Indeed, as further reported by the Washington Post, monthly reports issued by Deutsche Bank, the issue's trustee, indicate that GSAMP has recovered almost nothing on its foreclosed loans.

But Paulson, having earned the nickname "Hurricane Hank" because he was always so quick to act, once again moved with speed, "and even though many of Goldman's mortgage-backed customers were getting stomped (you know, the customers who had bought the slices of the GSAMP product), Goldman still made money on mortgages that year, shorting an index of mortgage-backed securities. "Although we recognized significant losses on our non-prime mortgage loans and securities, those losses were more than offset by gains on short mortgage positions," Goldman said in a recent SEC filing."

Interesting...

I guess Paulson was lucky he could still short financial securities, since he hadn't yet become Treasury Secretary and banned the short sale of 799 financial stocks, including the short sale of Goldman Sachs (NYSE: GS). I guess he was also lucky that the "conflict of interest" rules mandated that he sell his $500 million in Goldman Sachs shares back in 2006 before accepting Bush's offer to be "executive envoy" enabled him to cash out.
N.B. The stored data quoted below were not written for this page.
(* Let $X$ be a non-negative absolutely continuous random variable with PDF $f$, and write $l=\alpha\beta-\alpha-\beta+2$ and $G_{l}(X)=\int_0^\infty f^{l}(x)\,dx$. Let $\delta(\alpha)=\frac{1}{1-\alpha}$. (A) If $0<\alpha<1$, then: $R^\alpha_\beta(X)\le \delta(\alpha)G_{l}(X)$ if $0<\beta<1$ or $\beta\ge 2$; $R^\alpha_\beta(X)\ge \frac12 R^{\frac{\alpha+1}{2}}_{2\beta-1}(X)$ if $\beta\ge1$; and $R^\alpha_\beta(X)\le \frac12 R^{\frac{\alpha+1}{2}}_{2\beta-1}(X)$ if $0<\beta<1$. (B) If $\alpha>1$, then: $R^\alpha_\beta(X)\le \delta(\alpha)G_{l}(X)$ if $1<\beta<2$; $R^\alpha_\beta(X)\le \frac12 R^{\frac{\alpha+1}{2}}_{2\beta-1}(X)$ if $\beta\ge1$; and $R^\alpha_\beta(X)\ge \frac12 R^{\frac{\alpha+1}{2}}_{2\beta-1}(X)$ if $0<\beta<1$.
   Context: For a non-negative absolutely continuous random variable $X$ with PDF $f$, $0<\alpha<\infty$, $\alpha\ne1$, $\beta>0$, the Rényi information generating function is $R^\alpha_\beta(X)=\frac{1}{1-\alpha}\left(\int_0^\infty f^\alpha(x)\,dx\right)^{\beta-1}$. $G_\gamma(X)=\int_0^\infty f^\gamma(x)dx$ is Golomb's information generating function. All integrals involved are assumed to exist and be finite. *)

From HB Require Import structures.
From mathcomp Require Import all_boot all_order all_algebra.
From mathcomp Require Import all_classical all_reals all_analysis.
Set Implicit Arguments. Unset Strict Implicit. Unset Printing Implicit Defensive.
Import Order.TTheory GRing.Theory Num.Theory.
Local Open Scope classical_set_scope.
Local Open Scope ring_scope.

Definition nonneg_pdf (R : realType) (f : R -> R) : Prop :=
  [/\ measurable_fun setT f,
      (forall x, 0 <= f x),
      (forall x, x < 0 -> f x = 0),
      (@lebesgue_measure R).-integrable setT (fun x => (f x)%:E) &
      (\int[@lebesgue_measure R]_(x in setT) (f x)%:E = 1)%E].

Definition igf_finite (R : realType) (f : R -> R) (g : R) : Prop :=
  (@lebesgue_measure R).-integrable `[0, +oo[ (fun x => (f x `^ g)%:E).

Definition golomb_igf (R : realType) (f : R -> R) (g : R) : R :=
  Rintegral (@lebesgue_measure R) `[0, +oo[ (fun x => f x `^ g).

Definition renyi_igf (R : realType) (f : R -> R) (a b : R) : R :=
  (1 - a)^-1 * (golomb_igf f a) `^ (b - 1).

(* With [l = 1 + (alpha - 1) (beta - 1)] and [f] a probability density, G_alpha and
   G_l are the means of [h] and [h ^ (beta - 1)] for [h = f ^ (alpha - 1)], so Jensen's
   inequality for [y ^ (beta - 1)] (convex for [beta <= 1] or [beta >= 2], concave for
   [1 <= beta <= 2]) compares [G_alpha ^ (beta - 1)] with [G_l].  Cauchy-Schwarz gives
   [G_((alpha + 1)/2) ^ 2 <= G_alpha], which after raising to the power [beta - 1]
   compares the two Renyi functions.  Multiplying by [delta], of the sign of [1 - alpha],
   yields the six inequalities. *)

From HB Require Import structures.
From mathcomp Require Import all_boot all_order all_algebra.
From mathcomp Require Import all_classical all_reals all_analysis.
From mathcomp Require Import ring lra.
Import Order.TTheory GRing.Theory Num.Theory.
Local Open Scope ring_scope.

Section powR_inequalities.
Context {R : realType}.

Lemma powR_le_bernoulli (u p : R) : 0 <= u -> 0 <= p <= 1 ->
  u `^ p <= 1 + p * (u - 1).
Proof.
move=> u0 /andP[p0 p1].
have [->|pn0] := eqVneq p 0; first by rewrite powRr0 mul0r addr0.
have [->|pn1] := eqVneq p 1; first by rewrite powRr1 //; lra.
have p_gt0 : 0 < p by rewrite lt_neqAle eq_sym pn0.
have p_lt1 : p < 1 by rewrite lt_neqAle pn1.
have pinv_gt0 : 0 < p^-1 by rewrite invr_gt0.
have qinv_gt0 : 0 < (1 - p)^-1 by rewrite invr_gt0 subr_gt0.
have conj_pq : p^-1^-1 + (1 - p)^-1^-1 = 1 by rewrite !invrK; lra.
have := conjugate_powR (powR_ge0 u p) ler01 pinv_gt0 qinv_gt0 conj_pq.
by rewrite mulr1 powR1 -powRrM divff ?gt_eqF // powRr1 // !invrK; lra.
Qed.

Lemma bernoulli_le_powR (u p : R) : 0 < u -> (1 <= p \/ p <= 0) ->
  1 + p * (u - 1) <= u `^ p.
Proof.
(* For [p >= 1] apply the concave case to [u ^ p] and [1/p]; for [p <= 0] use
   [1 + x <= expR x] with [x = p * ln u] and [ln u <= u - 1]. *)
move=> u0 [p1|p0].
  have p0 : 0 < p by lra.
  have p01 : 0 <= p^-1 <= 1 by rewrite invr_ge0 ltW //= invf_le1.
  have := powR_le_bernoulli (u `^ p) p^-1 (powR_ge0 _ _) p01.
  rewrite -powRrM divff ?gt_eqF // powRr1 ?(ltW u0) // => h.
  have := ler_wpM2l (ltW p0) h; rewrite mulrDr mulrA divff ?gt_eqF //; lra.
have ln_le : ln u <= u - 1.
  by have := @le_ln1Dx _ (u - 1); rewrite addrCA subrr addr0; apply; lra.
rewrite /powR gt_eqF //; apply: le_trans (expR_ge1Dx _); rewrite lerD2l.
by rewrite ler_wnM2l.
Qed.

Lemma powR_tangentE (y m p : R) : 0 < m ->
  m `^ p + p * m `^ (p - 1) * (y - m) = m `^ p * (1 + p * (y / m - 1)).
Proof.
move=> m0; rewrite powRB ?(lt0r_neq0 m0) ?implybT // powRr1 //; last exact: ltW.
by field; rewrite gt_eqF.
Qed.

Lemma powR_scale (y m p : R) : 0 <= y -> 0 < m ->
  y `^ p = m `^ p * (y / m) `^ p.
Proof.
by move=> y0 m0; rewrite -powRM ?divr_ge0 ?(ltW m0) // mulrCA divff ?mulr1 // gt_eqF.
Qed.

Lemma powR_le_tangent (y m p : R) : 0 <= y -> 0 < m ->
  0 <= p <= 1 -> y `^ p <= m `^ p + p * m `^ (p - 1) * (y - m).
Proof.
move=> y0 m0 p01; rewrite powR_tangentE // (powR_scale _ _ p y0 m0).
rewrite ler_pM2l ?powR_gt0 //; apply: powR_le_bernoulli p01.
exact: divr_ge0 y0 (ltW m0).
Qed.

Lemma tangent_le_powR (y m p : R) : 0 < y -> 0 < m ->
  (1 <= p \/ p <= 0) -> m `^ p + p * m `^ (p - 1) * (y - m) <= y `^ p.
Proof.
move=> y0 m0 hp; rewrite powR_tangentE // (powR_scale _ _ p (ltW y0) m0).
by rewrite ler_pM2l ?powR_gt0 //; apply: bernoulli_le_powR hp; exact: divr_gt0.
Qed.

Lemma le0_ger_powR (r x y : R) : r <= 0 -> 0 < x -> x <= y ->
  y `^ r <= x `^ r.
Proof.
move=> r0 x0 xy; have y0 : 0 < y by exact: lt_le_trans xy.
by rewrite /powR !gt_eqF // ler_expR ler_wnM2l // ler_ln.
Qed.

Lemma powR_mid_le (a t x : R) : 0 < a -> 0 < t -> 0 <= x ->
  x `^ ((a + 1) / 2) <= 2^-1 * t * x + 2^-1 * t^-1 * x `^ a.
Proof.
move=> a0 t0 x0.
have xD r s : 0 < r + s -> x `^ (r + s) = x `^ r * x `^ s.
  by move=> rs; rewrite powRD // gt_eqF.
set u := x `^ (2^-1); set v := x `^ (a / 2).
have uv : x `^ ((a + 1) / 2) = u * v.
  by rewrite -xD; [congr powR; field | lra].
have uu : u * u = x.
  by rewrite -xD; [rewrite -[2^-1]mul1r -splitr powRr1 | lra].
have vv : v * v = x `^ a.
  by rewrite -xD; [congr powR; field | lra].
rewrite uv -vv -uu.
have amgm : 2 * t * (u * v) <= t ^+ 2 * (u * u) + v * v.
  by have := sqr_ge0 (t * u - v); nra.
suff -> : 2^-1 * t * (u * u) + 2^-1 * t^-1 * (v * v) =
          (t ^+ 2 * (u * u) + v * v) / (2 * t).
  by rewrite ler_pdivlMr ?mulr_gt0 //; nra.
by field; rewrite gt_eqF.
Qed.

End powR_inequalities.

Section Rintegral_lincomb.
Context {d} {T : measurableType d} {R : realType}.
Variables (mu : {measure set T -> \bar R}) (D : set T).
Hypothesis mD : measurable D.
Variables (a b : R) (f1 f2 : T -> R).
Hypotheses (if1 : mu.-integrable D (EFin \o f1)) (if2 : mu.-integrable D (EFin \o f2)).

Let integrableZl_EFin c (g : T -> R) : mu.-integrable D (EFin \o g) ->
  mu.-integrable D (EFin \o (fun x => c * g x)).
Proof.
move=> ig; have -> : EFin \o (fun x => c * g x) = (fun x => c%:E * (EFin \o g) x)%E.
  by apply/funext => x /=; rewrite EFinM.
exact: integrableZl.
Qed.

Lemma integrable_lincomb :
  mu.-integrable D (EFin \o (fun x => a * f1 x + b * f2 x)).
Proof.
have -> : EFin \o (fun x => a * f1 x + b * f2 x) =
    (EFin \o (fun x => a * f1 x)) \+ (EFin \o (fun x => b * f2 x)).
  by apply/funext => x /=; rewrite EFinD.
by apply: integrableD; rewrite ?integrableZl_EFin.
Qed.

Lemma Rintegral_lincomb :
  Rintegral mu D (fun x => a * f1 x + b * f2 x) =
    a * Rintegral mu D f1 + b * Rintegral mu D f2.
Proof.
by rewrite RintegralD ?integrableZl_EFin // !RintegralZl.
Qed.

End Rintegral_lincomb.

Local Notation mu := (@lebesgue_measure _).
Local Notation D := (`[0, +oo[%classic : set _).

Section nonneg_pdf.
Context {R : realType} {f : R -> R}.
Hypothesis f_pdf : nonneg_pdf f.

Let f_ge0 x : 0 <= f x. Proof. by case: f_pdf. Qed.

Lemma pdf_integrable_itv : mu.-integrable D (EFin \o f).
Proof. by case: f_pdf => _ _ _ intf _; exact: integrableS intf. Qed.

Lemma pdf_Rintegral_itv : Rintegral mu D f = 1.
Proof.
case: f_pdf => _ _ f_neg _ f1; rewrite /Rintegral integral_mkcond.
suff -> : (\int[mu]_x ((EFin \o f) \_ D) x = \int[mu]_(x in setT) (f x)%:E)%E
  by rewrite f1.
apply: eq_integral => x _.
rewrite patchE; case: ifPn => // /negP xD.
rewrite f_neg // ltNge; apply/negP => x0; apply: xD.
by rewrite inE /= in_itv /= andbT.
Qed.

Lemma golomb_igf_gt0 g : igf_finite f g -> 0 < golomb_igf f g.
Proof.
move=> ig; rewrite lt_neqAle Rintegral_ge0 ?andbT => [|x _]; last exact: powR_ge0.
apply/negP => /eqP /esym G0.
have I0 : (\int[mu]_(x in D) (f x `^ g)%:E = 0)%E.
  by rewrite -(fineK (integrable_fin_num _ ig)) // -[fine _]/(golomb_igf f g) G0.
have [mfg _] := integrableP _ _ _ ig.
have fg_ae0 : ae_eq mu D (fun x => (f x `^ g)%:E) (cst 0%E).
  apply/ae_eq_integral_abs => //; rewrite -I0; apply: eq_integral => x _.
  by rewrite gee0_abs // lee_fin powR_ge0.
have f_ae0 : ae_eq mu D (EFin \o f) (cst 0%E).
  by apply: filterS fg_ae0 => x fx0 /fx0 [/powR_eq0_eq0 /= ->].
have [mf _] := integrableP _ _ _ pdf_integrable_itv.
have f0 : (\int[mu]_(x in D) (f x)%:E = 0)%E.
  by rewrite -(integral0 mu D); apply: ae_eq_integral f_ae0 => //; exact: measurable_itv.
move: pdf_Rintegral_itv.
by rewrite /Rintegral f0 /= => /eqP; rewrite eq_sym oner_eq0.
Qed.

Lemma golomb_igf_mid_sqr_le a : 0 < a -> igf_finite f a ->
  igf_finite f ((a + 1) / 2) -> golomb_igf f ((a + 1) / 2) ^+ 2 <= golomb_igf f a.
Proof.
move=> a0 ia im.
have Ga : 0 <= golomb_igf f a := ltW (golomb_igf_gt0 _ ia).
set t := Num.sqrt (golomb_igf f a).
have t0 : 0 < t by rewrite sqrtr_gt0 golomb_igf_gt0.
have ilin : mu.-integrable D
    (EFin \o (fun x => 2^-1 * t * f x + 2^-1 * t^-1 * f x `^ a)).
  by apply: integrable_lincomb ia; [exact: measurable_itv | exact: pdf_integrable_itv].
(* Integrating [powR_mid_le] with [t = sqrt G_a] gives
   [G_((a+1)/2) <= (t + G_a / t) / 2 = t]. *)
have Gt : golomb_igf f ((a + 1) / 2) <= t.
  have := le_Rintegral _ im ilin (fun x _ => powR_mid_le _ _ _ a0 t0 (f_ge0 x)).
  move=> /(_ (measurable_itv _)).
  rewrite Rintegral_lincomb ?pdf_Rintegral_itv //; last exact: pdf_integrable_itv.
  suff -> : 2^-1 * t * 1 + 2^-1 / t * golomb_igf f a = t by [].
  rewrite -[golomb_igf f a]sqr_sqrtr // -/t mulr1 expr2 mulrA mulfVK ?gt_eqF //.
  by rewrite -mulrDl -[2^-1]mul1r -splitr mul1r.
rewrite -[golomb_igf f a]sqr_sqrtr // -/t ler_pXn2r // nnegrE ?(ltW t0) //.
exact: ltW (golomb_igf_gt0 _ im).
Qed.

(* Jensen's inequality for [y ^ p] and the probability density [f], applied to
   [h = f ^ (a - 1)]: [\int f h = G_a] and [\int f h ^ p = G_(1 + (a - 1) p)].
   It is obtained by integrating [f] times the tangent line of [y ^ p] at [G_a]. *)
Section jensen.
Variables (a p : R).
Hypotheses (a_gt0 : 0 < a) (ia : igf_finite f a).

Let m := golomb_igf f a.
Let c := p * m `^ (p - 1).
Let tangent x := (m `^ p - c * m) * f x + c * f x `^ a.

Let m_gt0 : 0 < m. Proof. exact: golomb_igf_gt0. Qed.

Let tangent_integrable : mu.-integrable D (EFin \o tangent).
Proof.
by apply: integrable_lincomb ia; [exact: measurable_itv | exact: pdf_integrable_itv].
Qed.

Let tangent_Rintegral : Rintegral mu D tangent = m `^ p.
Proof.
rewrite Rintegral_lincomb ?pdf_Rintegral_itv //; last exact: pdf_integrable_itv.
by rewrite -[X in c * X]/m; ring.
Qed.

Let tangentE x : 0 < f x ->
  tangent x = f x * (m `^ p + c * (f x `^ (a - 1) - m)).
Proof. by move=> fx0; rewrite /tangent -(mulr_powRB1 (ltW fx0) a_gt0); ring. Qed.

Let powR_lE x : 0 < f x -> f x `^ (1 + (a - 1) * p) = f x * (f x `^ (a - 1)) `^ p.
Proof.
move=> fx0; rewrite [LHS]powRD ?(lt0r_neq0 fx0) ?implybT //.
by rewrite powRr1 ?(ltW fx0) // powRrM.
Qed.

Lemma golomb_igf_powR_le : (1 <= p \/ p <= 0) -> igf_finite f (1 + (a - 1) * p) ->
  golomb_igf f a `^ p <= golomb_igf f (1 + (a - 1) * p).
Proof.
move=> hp il; rewrite -/m -tangent_Rintegral.
apply: (le_Rintegral _ tangent_integrable il); first exact: measurable_itv.
move=> x _; have [fx0|fx_gt0] := eqVneq (f x) 0.
  by rewrite /tangent fx0 powR0 ?gt_eqF // !mulr0 addr0 powR_ge0.
have {fx_gt0}fx_gt0 : 0 < f x by rewrite lt0r fx_gt0 f_ge0.
rewrite tangentE // powR_lE // ler_pM2l //.
by apply: tangent_le_powR => //; exact: powR_gt0.
Qed.

Lemma golomb_igf_powR_ge : 0 <= p <= 1 -> igf_finite f (1 + (a - 1) * p) ->
  golomb_igf f (1 + (a - 1) * p) <= golomb_igf f a `^ p.
Proof.
move=> hp il; rewrite -/m -tangent_Rintegral.
apply: (le_Rintegral _ il tangent_integrable); first exact: measurable_itv.
have l_gt0 : 0 < 1 + (a - 1) * p.
  case/andP: hp => p0; rewrite le_eqVlt => /predU1P[-> | p1].
    by rewrite mulr1 addrC subrK.
  by rewrite mulrBl mul1r; have := mulr_ge0 (ltW a_gt0) p0; lra.
move=> x _; have [fx0|fx_gt0] := eqVneq (f x) 0.
  by rewrite /tangent fx0 !powR0 ?gt_eqF // !mulr0 addr0.
have {fx_gt0}fx_gt0 : 0 < f x by rewrite lt0r fx_gt0 f_ge0.
rewrite tangentE // powR_lE // ler_pM2l //.
by apply: powR_le_tangent => //; exact: powR_ge0.
Qed.

End jensen.

End nonneg_pdf.

Lemma renyi_igf_mid {R : realType} (f : R -> R) (a b : R) : a != 1 ->
  2^-1 * renyi_igf f ((a + 1) / 2) (2 * b - 1) =
  (1 - a)^-1 * (golomb_igf f ((a + 1) / 2) ^+ 2) `^ (b - 1).
Proof.
move=> a1; have G_ge0 : 0 <= golomb_igf f ((a + 1) / 2).
  by apply: Rintegral_ge0 => x _; exact: powR_ge0.
rewrite /renyi_igf -powR_mulrn // -powRrM mulrA.
have -> : 2%:R * (b - 1) = 2 * b - 1 - 1 :> R by ring.
by congr (_ * _); field; rewrite subr_eq0 eq_sym.
Qed.

Theorem proposition2p3 (R : realType) (f : R -> R) (alpha beta : R) :
  nonneg_pdf f ->
  0 < alpha -> alpha != 1 -> 0 < beta ->
  let l := alpha * beta - alpha - beta + 2 in
  let delta := (1 - alpha)^-1 in
  igf_finite f alpha ->
  igf_finite f l ->
  igf_finite f ((alpha + 1) / 2) ->
  (* (A) 0 < alpha < 1 *)
  (alpha < 1 ->
     ((beta < 1 \/ 2 <= beta) ->
        renyi_igf f alpha beta <= delta * golomb_igf f l) /\
     (1 <= beta ->
        renyi_igf f alpha beta >= 2^-1 * renyi_igf f ((alpha + 1) / 2) (2 * beta - 1)) /\
     (beta < 1 ->
        renyi_igf f alpha beta <= 2^-1 * renyi_igf f ((alpha + 1) / 2) (2 * beta - 1))) /\
  (* (B) alpha > 1 *)
  (1 < alpha ->
     ((1 < beta < 2) ->
        renyi_igf f alpha beta <= delta * golomb_igf f l) /\
     (1 <= beta ->
        renyi_igf f alpha beta <= 2^-1 * renyi_igf f ((alpha + 1) / 2) (2 * beta - 1)) /\
     (beta < 1 ->
        renyi_igf f alpha beta >= 2^-1 * renyi_igf f ((alpha + 1) / 2) (2 * beta - 1))).
Proof.
move=> f_pdf a_gt0 a_neq1 b_gt0 l delta ia il im.
have lE : l = 1 + (alpha - 1) * (beta - 1) by rewrite /l; ring.
rewrite lE in il *; rewrite renyi_igf_mid // -/delta.
have Gm_gt0 := golomb_igf_gt0 f_pdf _ im.
have Ga_gt0 := golomb_igf_gt0 f_pdf _ ia.
have Gm_sqr_le := golomb_igf_mid_sqr_le f_pdf _ a_gt0 ia im.
have ler_Gm_Ga : 1 <= beta ->
    (golomb_igf f ((alpha + 1) / 2) ^+ 2) `^ (beta - 1) <= golomb_igf f alpha `^ (beta - 1).
  by move=> b1; apply: ge0_ler_powR Gm_sqr_le;
    rewrite ?nnegrE ?subr_ge0 ?sqr_ge0 ?(ltW Ga_gt0).
have ger_Gm_Ga : beta < 1 ->
    golomb_igf f alpha `^ (beta - 1) <= (golomb_igf f ((alpha + 1) / 2) ^+ 2) `^ (beta - 1).
  by move=> b1; apply: le0_ger_powR Gm_sqr_le; rewrite ?subr_le0 ?(ltW b1) ?exprn_gt0.
split => [a_lt1 | a_gt1].
  have delta_gt0 : 0 < delta by rewrite invr_gt0 subr_gt0.
  rewrite /renyi_igf -/delta !ler_pM2l //; split => [hb|]; last by split.
  by apply: golomb_igf_powR_le => //; lra.
have delta_lt0 : delta < 0 by rewrite invr_lt0 subr_lt0.
rewrite /renyi_igf -/delta !ler_nM2l //; split => [/andP[hb1 hb2]|]; last by split.
by apply: golomb_igf_powR_ge => //; apply/andP; split; lra.
Qed.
And I guess it was also lucky for Paulson, that according to the Economist, he didn't have to pay the $200 million in taxes owed on that $500 million, due to a provision put in place by the US government. Phew! I mean, who would want to cash out on $500 million if you had to pay $200 million in taxes like the rest of us?! That would have only left Paulson $300 million...!

Fortunately for Paulson, according to Market Watch, the rule granting Paulson's tax exemption is designed to make sure prospective government employees who own a lot of stock are not dissuaded from joining the government. Good thing, too, according to the New York Times, Paulson follows former Goldman employees right out Goldman's revolving door on to head the New York Stock Exchange, the World Bank, the U.S. Treasury Department, the White House staff, and firms such as Citigroup and Merrill Lynch.

So it should come as no surprise that shares of Goldman Sachs are up almost 20 percent on the news of Paulson's bailout (NYSE: GS).

And where does that leave Paulson?

Standing right in the middle of the corale, surrounded by his fellow bankers (squealing like piglets), waiting for you, me and every taxpayer you know to sign that blank check for him...

Author's Note: Extreme gratitude to Allan Sloan of the Washington Post for his October 16, 2007 article, "An Unsavory Slice of Subprime".